[Opening Supplied material section]

Lemma n_out_ge_third d : (2 <= d)%N -> ((d - 2) %/ 3 <= n_out d)%N.
Proof.
move=> d2; set J := ((d - 2) %/ 3)%N; have Jd : ((3 * J).+2 <= d)%N by lia.
pose F : seq (nat -> algC) := coord 0 :: [seq coord k | k <- iota (3 * J).+1 (d - (3 * J).+1)]
  ++ [seq coord (3 * j).+1 \- coord (3 * j).+2 | j <- iota 0 J]
  ++ [seq coord (3 * j).+2 \- coord (3 * j).+3 \+ coord (3 * j).+4 | j <- iota 0 J].
suff : (d <= size F + n_out d)%N by rewrite /F /= !size_cat !size_map !size_iota; lia.
apply: count_outside_ge => c cd c_neq0; rewrite /= !all_cat !all_map.
case/and4P => /eqP c0 /(coords_eq0 cd) ctail /all_iota0 neg1 /all_iota0 neg2.
rewrite pairing_coord in c0; last lia.
have negs j : (j < J)%N ->
    c (3 * j).+1 - c (3 * j).+2 = 0 /\ c (3 * j).+2 - c (3 * j).+3 + c (3 * j).+4 = 0.
  move=> ltjJ; move: (neg1 j ltjJ) (neg2 j ltjJ) => /=.
  by rewrite !(pairingD, pairingB, pairing_coord) => [/eqP -> /eqP -> //|||||]; lia.
rewrite (schur_cohn_pd_blocks Jd cd c0 ctail).
rewrite (eq_big_nat _ _ (F2 := fun j => `|c (3 * j).+2 + c (3 * j).+4| ^+ 2))
  => [|j /andP [_ ltjJ]]; last first.
  by have [n1 n2] := negs j ltjJ; rewrite /block_form n1 n2 normr0 expr0n !subr0.
rewrite lt0r sumr_ge0 ?andbT => [|j _]; last exact: exprn_ge0.
rewrite psumr_eq0 => [|j _]; last exact: exprn_ge0.
apply/negP => /allP pos0; case: c_neq0 => i.
rewrite (block_kernel c0 ctail) ?eqxx // => j ltjJ.
have := pos0 j; rewrite mem_index_iota ltjJ sqrf_eq0 normr_eq0.
by move=> /(_ isT) /eqP pos_j; have [n1 n2] := negs j ltjJ.
Qed.

Lemma n_out_le_third d : (2 <= d)%N -> (n_out d <= d - 2 * ((d - 2) %/ 3))%N.
Proof.
move=> d2; set J := ((d - 2) %/ 3)%N; have Jd : ((3 * J).+2 <= d)%N by lia.
pose F : seq (nat -> algC) := coord 0 :: [seq coord k | k <- iota (3 * J).+1 (d - (3 * J).+1)]
  ++ [seq coord (3 * j).+2 \+ coord (3 * j).+4 | j <- iota 0 J].
have [monic_pd size_pd] := pd_monic d2.
have := count_predC outside_disk (rootsC (pd d)); rewrite size_rootsC // size_pd -n_outE.
suff : (d <= size F + count (predC outside_disk) (rootsC (pd d)))%N.
  by rewrite /F /= !size_cat !size_map !size_iota; lia.
apply: count_inside_ge => c cd c_neq0; rewrite /= !all_cat !all_map.
case/and3P => /eqP c0 /(coords_eq0 cd) ctail /all_iota0 pos.
rewrite pairing_coord in c0; last lia.
have pos0 j : (j < J)%N -> c (3 * j).+2 + c (3 * j).+4 = 0.
  move=> ltjJ; move: (pos j ltjJ) => /=.
  by rewrite !(pairingD, pairing_coord) => [/eqP //||]; lia.
pose negs j :=
  `|c (3 * j).+1 - c (3 * j).+2| ^+ 2 + `|c (3 * j).+2 - c (3 * j).+3 + c (3 * j).+4| ^+ 2.
have negs_ge0 j : 0 <= negs j by rewrite addr_ge0 ?exprn_ge0.
rewrite (schur_cohn_pd_blocks Jd cd c0 ctail).
rewrite (eq_big_nat _ _ (F2 := fun j => - negs j)) => [|j /andP [_ ltjJ]]; last first.
  by rewrite /block_form pos0 // normr0 expr0n sub0r opprD.
rewrite sumrN oppr_lt0 lt0r sumr_ge0 ?andbT // psumr_eq0 //.
apply/negP => /allP negs0; case: c_neq0 => i.
rewrite (block_kernel c0 ctail) ?eqxx // => j ltjJ.
have := negs0 j; rewrite mem_index_iota ltjJ paddr_eq0 ?exprn_ge0 // !sqrf_eq0 !normr_eq0.
by move=> /(_ isT) /andP [/eqP n1 /eqP n2]; split; first exact: pos0.
Qed.

Lemma n_out_ge2 d : (6 <= d)%N -> (2 <= n_out d)%N.
Proof.
case: d => [|[|n]] // n4.
(* The constraints leave c = (y, x, x, x, 0, ..., 0, y), on which the form is
   |x + y|^2 + |y|^2. *)
pose F : seq (nat -> algC) := [seq coord k | k <- iota 4 (n - 3)]
  ++ [:: coord 1 \- coord 2; coord 2 \- coord 3; coord 0 \- coord n.+1].
suff : (n.+2 <= size F + n_out n.+2)%N by rewrite size_cat size_map size_iota /=; lia.
apply: count_outside_ge => c cd c_neq0; rewrite all_cat all_map /= andbT.
case/and4P => /allP mid /eqP c12 /eqP c23 /eqP c0n.
rewrite !(pairingB, pairing_coord) in c12 c23 c0n; try lia.
have cmid k : (4 <= k <= n)%N -> c k = 0.
  move=> k4n; rewrite -(@pairing_coord _ n.+2 k c); last lia.
  by apply/eqP/mid; rewrite mem_iota; lia.
set x := c 1%N in c12; set y := c 0%N in c0n.
have c2 : c 2%N = x by apply/esym/subr0_eq.
have c3 : c 3%N = x by rewrite -c2; apply/esym/subr0_eq.
have cn : c n.+1 = y by apply/esym/subr0_eq.
have form : schur_cohn n.+2 (rootsC (pd n.+2)) c = `|x + y| ^+ 2 + `|y| ^+ 2.
  rewrite schur_cohn_pd // 2!gap_sumS (@gap_sum_tail 4) // 4!gap_sumS /gap_sum big_geq //.
  rewrite c2 c3 cn (cmid 4%N) ?(cmid n) ?(cd n.+2) -/x -/y; try lia.
  by rewrite !normCK !(rmorphB, rmorphD, rmorph0) /=; ring.
rewrite form lt0r addr_ge0 ?exprn_ge0 // andbT paddr_eq0 ?exprn_ge0 //.
rewrite !sqrf_eq0 !normr_eq0; apply/negP => /andP [/eqP xy0 /eqP y0].
rewrite y0 addr0 in xy0; case: c_neq0 => i; apply/negP; rewrite negbK.
have : i \in [:: 0; 1; 2; 3; n.+1]%N \/ (4 <= i <= n \/ n.+2 <= i)%N.
  by rewrite !inE; lia.
case=> [|[/cmid -> // | /cd -> //]].
by rewrite !inE => /or4P [| | |/orP []] /eqP ->; rewrite ?c2 ?c3 ?cn -/x -/y ?xy0 ?y0.
Qed.

Lemma ratio_near_third (R : realFieldType) (n d : nat) (eps : R) :
  0 < eps -> 3 < eps * d%:R -> (3 * n <= d + 8)%N -> (d <= 3 * n + 4)%N ->
  `|n%:R / d%:R - 3%:R^-1| < eps.
Proof.
move=> eps_gt0 d_big up lo.
have d_gt0 : 0 < d%:R :> R.
  by rewrite ltr0n lt0n; apply: contraTneq d_big => ->; rewrite mulr0 -leNgt ler0n.
have up' : 3 * n%:R <= d%:R + 8 :> R by rewrite -natrM -natrD ler_nat.
have lo' : d%:R <= 3 * n%:R + 4 :> R by rewrite -natrM -natrD ler_nat.
have -> : n%:R / d%:R - 3%:R^-1 = (3 * n%:R - d%:R) / (3 * d%:R) :> R.
  by field; rewrite gt_eqF.
by rewrite ltr_norml ltr_pdivrMr ?ltr_pdivlMr ?mulr_gt0 //; apply/andP; split; lra.
Qed.

Theorem mainTheorem14 :
  (forall d : nat, (6 <= d)%N -> (2 <= n_out d)%N) /\
  (forall eps : rat, 0 < eps ->
     exists N : nat, forall d : nat, (N <= d)%N ->
       `| (n_out d)%:R / d%:R - 3%:R^-1 | < eps).
Proof.
split; first exact: n_out_ge2.
move=> eps eps_gt0; pose N := Num.Def.archi_bound (3 / eps).
have N_big : 3 / eps < N%:R by apply: archi_boundP; rewrite divr_ge0 // ltW.
exists (maxn 2 N) => d; rewrite geq_max => /andP [d2 Nd].
have lo := n_out_ge_third d2; have up := n_out_le_third d2.
apply: ratio_near_third => //; try lia.
have : 3 / eps < d%:R by apply: (lt_le_trans N_big); rewrite ler_nat.
by rewrite ltr_pdivrMr // mulrC.
Qed.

[Closing Supplied material section]

[Activity] Using the records above, set down exactly the lines from the one with "have c3 : c" through the one with "rewrite schur_cohn_pd //", inclusive, and nothing more.

[Reply]
have c3 : c 3%N = x by rewrite -c2; apply/esym/subr0_eq.
have cn : c n.+1 = y by apply/esym/subr0_eq.
have form : schur_cohn n.+2 (rootsC (pd n.+2)) c = `|x + y| ^+ 2 + `|y| ^+ 2.
  rewrite schur_cohn_pd // 2!gap_sumS (@gap_sum_tail 4) // 4!gap_sumS /gap_sum big_geq //.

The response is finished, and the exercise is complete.